Jythons and Javas and bears, oh my!

April 11, 2008

It’s hard to believe but I’ve been at the new job for six months already, a full half-year come the 29th. Some days it seems like I’ve been here forever; others like I’m still a rank newb. I haven’t written terribly much about what I’ve been up to (but I assure you I’ve been busy). Let me rectify that.

The Transfer Problem

Two of the projects I’ve been working on relate to a fairly general problem that we like to call “transfer,” which revolves around, well, transferring files to and fro. Sounds simple. Is simple. That is, until you start thinking about preservation and accounting for a highly heterogeneous network with idiosyncratic nodes, esoteric storage software, and differential firewall rules. And that’s where it gets interesting (and problematic). The transferring itself, or copying of files from one location to another which we call “transport,” is the easiest part. We like to use common tools in our environment. It makes life easy. And so good ol’ scp seems like an obvious choice to handle the job.

Since preservation is a core aspect of our “repository,” a term which I use loosely, we must build certain other functionalities into the transfer process: validation, verification, inventory, backup, ingest, and so forth. Every time a file is copied to a non-transient location, we verify the file against a (SHA1) checksum and record an event for auditing purposes.

Repository Workflows

Some steps in the transfer process are routine and best handled by machines. Thus we automate them with scripts and code. Others require human intervention. This introduces another key aspect of our repository needs: workflows. No two projects will have the same workflow and yet all will have some steps in common. We’re using JBoss’s jBPM library for workflow management and it is more than capable of handling our workflow needs. It allows us to model complex and varied flows in a robust and not ad hoc way; it does seem preferable to me to model our workflows via jBPM’s graphical editor (serialized to JPDL XML) rather than copying around blocks of code and otherwise modeling the workflow procedurally in business logic.

One of my coworkers (the author of this) designed a complete workflow system in jBPM last summer and I’ve taken on implementing, tweaking, and testing this system, which has required bootstrapping my sorry-arse Java skills and learning jBPM. Though I find it difficult to think in Java patterns and generally find it a burdensome environment, I’m quite impressed by jBPM. I’ve been working on various updates of and unit test coverage for the workflow system, which has been a crash course in a number of Java technologies and a perfect first task at LC, as it gets me into the guts of things. The Java stack we use for our workflow is highly abstracted and componentized, which is conveniently modular… but it’s also Java: fairly heavy and arguably not as agile as dynamic languages such as Python.

Two Great Tastes?

So recently we’ve begun to think about implementing some transfer and workflow components in Jython (Python written in Java). Why? The value of Jython is as follows:

Ease of deployment - Deploying jar files to existing JVMs in production environments (which we do not control) is a simple task, or at least simpler than some other options.
Interoperability - Our stack is primarily Java-based and so interoperating with existing Java components means not having to rewrite functionality in other languages. Jython allows Python to talk to Java and vice versa.
Familiarity - It's Python, and we like Python. It's the closest my team has to a lingua franca and so it increases the chances of sharing code, maintaining code, and so forth.
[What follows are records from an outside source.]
Lemma pair_comms_adjust psi (A : 'I_d -> GL4) (j : 'I_d) (z : GL4) :
  ~~ odd d -> lifts psi A -> (2 <= j)%N ->
  (psi i0 j != 0%R) || (psi i2 j != 0%R) -> z \in Z4 p ->
  exists2 B, lifts psi B & pair_comms B = z * pair_comms A.
Proof.
move=> d_even lA j2 nz Zz; have AU := lifts_U4 lA.
have [lt_Kd lt_K3d jE] := pair_index d_even j2 (ltn_ord j).
have [K KE] : exists K : 'I_(d./2 - 1), K = (j./2 - 1)%N :> nat.
  by exists (Ordinal lt_Kd).
rewrite -KE in lt_K3d jE; have lt_K2d : (2 * K + 2 < d)%N by lia.
have [a13 [a24 [a14 Aj]]] := lA j.
have Aj_onto c : c \in Z4 p -> exists2 w, w \in V4 p & [~ A j, w] = c.
  by rewrite Aj; apply: commg_onto_Z4.
have ne23 : (2 * K + 2 == 2 * K + 3)%N = false by rewrite eqn_add2l.
have ne32 : (2 * K + 3 == 2 * K + 2)%N = false by rewrite eqn_add2l.
case: (boolP (odd j)) jE => [_ | _] /= jE.
  have [w Vw Ajw] := Aj_onto z^-1 (groupVr Zz).
  exists (upd A (2 * K + 2) w); first exact: lifts_upd.
  apply: (pair_comms_upd AU Zz lt_K2d); first by left.
  rewrite !(gat_upd _ _ _ lt_K2d) eqxx ne32.
  by rewrite -jE gat_ord commgMV4l ?gat_in // -invgR Ajw invgK.
have [w Vw Ajw] := Aj_onto z Zz.
exists (upd A (2 * K + 3) w); first exact: lifts_upd.
apply: (pair_comms_upd AU Zz lt_K3d); first by right.
rewrite !(gat_upd _ _ _ lt_K3d) eqxx ne23.
by rewrite -jE gat_ord commgMV4r ?gat_in // Ajw.
Qed.

Lemma pair_comms_Z4_trivial psi (A : 'I_d -> GL4) : ~~ odd d -> lifts psi A ->
  pair_comms A \in Z4 p -> exists2 B, lifts psi B & pair_comms B = 1.
Proof.
move=> d_even lA ZA.
pose active :=
  [pred j : 'I_d | (2 <= j)%N && ((psi i0 j != 0%R) || (psi i2 j != 0%R))].
case: (pickP active) => [j /andP[j2 nz] | inactive].
  have [B lB BE] := pair_comms_adjust d_even lA j2 nz (groupVr ZA).
  by exists B; rewrite // BE mulVg.
exists A => //; apply: big1 => k _; apply/eqP/commgP.
have shape m : (2 <= m)%N ->
    exists b23 b13 b24 b14, gat A m = unip 0 b23 0 b13 b24 b14.
  move=> m2; case: (ltnP m d) => [lt_md | le_dm]; last first.
    by rewrite gat_out // -unip1; do 4 eexists.
  have /negbT := inactive (Ordinal lt_md).
  rewrite /= m2 negb_or !negbK => /andP[/eqP psi0 /eqP psi2].
  rewrite (gat_lt _ lt_md); have [a13 [a24 [a14 ->]]] := lA (Ordinal lt_md).
  by rewrite psi0 psi2; do 4 eexists.
have [b23 [b13 [b24 [b14 ->]]]] := shape (2 * k + 2)%N (leq_addl _ _).
have le2_3 : (2 <= 2 * k + 3)%N by lia.
have [c23 [c13 [c24 [c14 ->]]]] := shape (2 * k + 3)%N le2_3.
exact: unip_commute.
Qed.

Lemma massey3_vanishes_of_defined psi : ~~ odd d -> (3 <= n)%N ->
  (match f with Some k => (1 <= k)%N | None => true end) ->
  (p = 2 -> match f with Some k => (2 <= k)%N | None => true end) ->
  qval p f <> 3 -> massey3_defined n f s psi -> massey3_vanishes n f s psi.
Proof.
move=> d_even n3 fk f2 q3 /massey3_definedP[A lA ZA].
have relE (g : 'I_d -> GL4) : lifts psi g -> relator n f s g = pair_comms g.
  move=> lg; have gU := lifts_U4 lg; have gatU k := gat_in k gU.
  by rewrite relator_U4 // U4_expq // comm_iter_U4 // !mul1g.
rewrite relE // in ZA; have [B lB relB] := pair_comms_Z4_trivial d_even lA ZA.
by apply/massey3_vanishesP; exists B; rewrite ?relE.
Qed.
It does not come without its drawbacks:

Currency - The Jython project went moribund for a few years or so and the latest stable version is now 2.2.1. Compare that to the latest version of Python: 2.5.2. I don't begrudge the Jython developers, though. I'm glad some folks picked the project up, dusted it off, and breathed new life into it. I am also glad that they're skipping 2.3 and 2.4 releases and plowing right into a 2.5 release. Because of this currency issue, some Python libraries won't work with the latest Jython and that means you're stuck looking for outdated, potentially vulnerable Python libraries, or hooking into Java libraries for the same functionality (which inevitably means more lines of code). I'm no lines of code fetishist but it does militate against the goal of agility somewhat.One does have the option of living on the edge and trying out the 2.5 branch, but that seems out of step with an infrastructure that is supposed to preserve terabytes upon terabytes of our nation's, and the world's, intellectual property. It's a responsibility I do not take lightly, as much as I'd like to be on the bleeding edge.
Interoperability difficulties - Talking to Java from Jython is a snap: just import java at the top of your script, and, assuming your classpath is copacetic, voila: you have access to Java libraries in your Python code! Talking to your Jython modules from Java code is, well, a little more complicated. Read on.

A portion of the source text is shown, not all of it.